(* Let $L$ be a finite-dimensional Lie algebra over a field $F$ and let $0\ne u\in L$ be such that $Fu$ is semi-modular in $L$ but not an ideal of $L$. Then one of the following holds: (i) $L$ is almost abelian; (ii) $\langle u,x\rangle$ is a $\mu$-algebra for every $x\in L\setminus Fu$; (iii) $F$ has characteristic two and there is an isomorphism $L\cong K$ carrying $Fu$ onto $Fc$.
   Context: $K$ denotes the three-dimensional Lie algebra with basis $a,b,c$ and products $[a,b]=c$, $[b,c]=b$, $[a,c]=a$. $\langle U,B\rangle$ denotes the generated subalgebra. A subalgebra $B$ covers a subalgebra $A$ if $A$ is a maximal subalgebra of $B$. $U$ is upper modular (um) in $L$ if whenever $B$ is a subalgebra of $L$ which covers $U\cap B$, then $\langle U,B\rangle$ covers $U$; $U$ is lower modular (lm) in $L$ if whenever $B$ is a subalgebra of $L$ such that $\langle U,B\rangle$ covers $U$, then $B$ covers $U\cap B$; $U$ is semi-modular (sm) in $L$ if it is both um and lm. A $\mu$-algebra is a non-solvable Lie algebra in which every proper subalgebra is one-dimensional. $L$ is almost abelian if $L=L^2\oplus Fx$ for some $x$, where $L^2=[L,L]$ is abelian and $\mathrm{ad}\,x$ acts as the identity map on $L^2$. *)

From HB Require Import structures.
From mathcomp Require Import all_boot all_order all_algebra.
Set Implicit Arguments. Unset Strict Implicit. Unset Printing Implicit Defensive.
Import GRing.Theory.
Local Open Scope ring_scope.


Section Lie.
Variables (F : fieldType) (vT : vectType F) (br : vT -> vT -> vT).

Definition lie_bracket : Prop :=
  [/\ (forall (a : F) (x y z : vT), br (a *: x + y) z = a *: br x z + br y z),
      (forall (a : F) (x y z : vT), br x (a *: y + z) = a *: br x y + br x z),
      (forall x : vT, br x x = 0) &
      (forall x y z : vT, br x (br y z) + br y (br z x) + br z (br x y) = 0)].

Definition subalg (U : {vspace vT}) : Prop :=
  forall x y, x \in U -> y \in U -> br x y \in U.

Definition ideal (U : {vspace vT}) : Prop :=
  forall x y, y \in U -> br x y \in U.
▬▬▬▬▬▬
=== Exercise instructions ===
Please reproduce the records above in their entirety, exactly as given.

=== Solution to the exercise ===
(* Let $L$ be a finite-dimensional Lie algebra over a field $F$ and let $0\ne u\in L$ be such that $Fu$ is semi-modular in $L$ but not an ideal of $L$. Then one of the following holds: (i) $L$ is almost abelian; (ii) $\langle u,x\rangle$ is a $\mu$-algebra for every $x\in L\setminus Fu$; (iii) $F$ has characteristic two and there is an isomorphism $L\cong K$ carrying $Fu$ onto $Fc$.
   Context: $K$ denotes the three-dimensional Lie algebra with basis $a,b,c$ and products $[a,b]=c$, $[b,c]=b$, $[a,c]=a$. $\langle U,B\rangle$ denotes the generated subalgebra. A subalgebra $B$ covers a subalgebra $A$ if $A$ is a maximal subalgebra of $B$. $U$ is upper modular (um) in $L$ if whenever $B$ is a subalgebra of $L$ which covers $U\cap B$, then $\langle U,B\rangle$ covers $U$; $U$ is lower modular (lm) in $L$ if whenever $B$ is a subalgebra of $L$ such that $\langle U,B\rangle$ covers $U$, then $B$ covers $U\cap B$; $U$ is semi-modular (sm) in $L$ if it is both um and lm. A $\mu$-algebra is a non-solvable Lie algebra in which every proper subalgebra is one-dimensional. $L$ is almost abelian if $L=L^2\oplus Fx$ for some $x$, where $L^2=[L,L]$ is abelian and $\mathrm{ad}\,x$ acts as the identity map on $L^2$. *)

From HB Require Import structures.
From mathcomp Require Import all_boot all_order all_algebra.
Set Implicit Arguments. Unset Strict Implicit. Unset Printing Implicit Defensive.
Import GRing.Theory.
Local Open Scope ring_scope.


Section Lie.
Variables (F : fieldType) (vT : vectType F) (br : vT -> vT -> vT).

Definition lie_bracket : Prop :=
  [/\ (forall (a : F) (x y z : vT), br (a *: x + y) z = a *: br x z + br y z),
      (forall (a : F) (x y z : vT), br x (a *: y + z) = a *: br x y + br x z),
      (forall x : vT, br x x = 0) &
      (forall x y z : vT, br x (br y z) + br y (br z x) + br z (br x y) = 0)].

Definition subalg (U : {vspace vT}) : Prop :=
  forall x y, x \in U -> y \in U -> br x y \in U.

Definition ideal (U : {vspace vT}) : Prop :=
  forall x y, y \in U -> br x y \in U.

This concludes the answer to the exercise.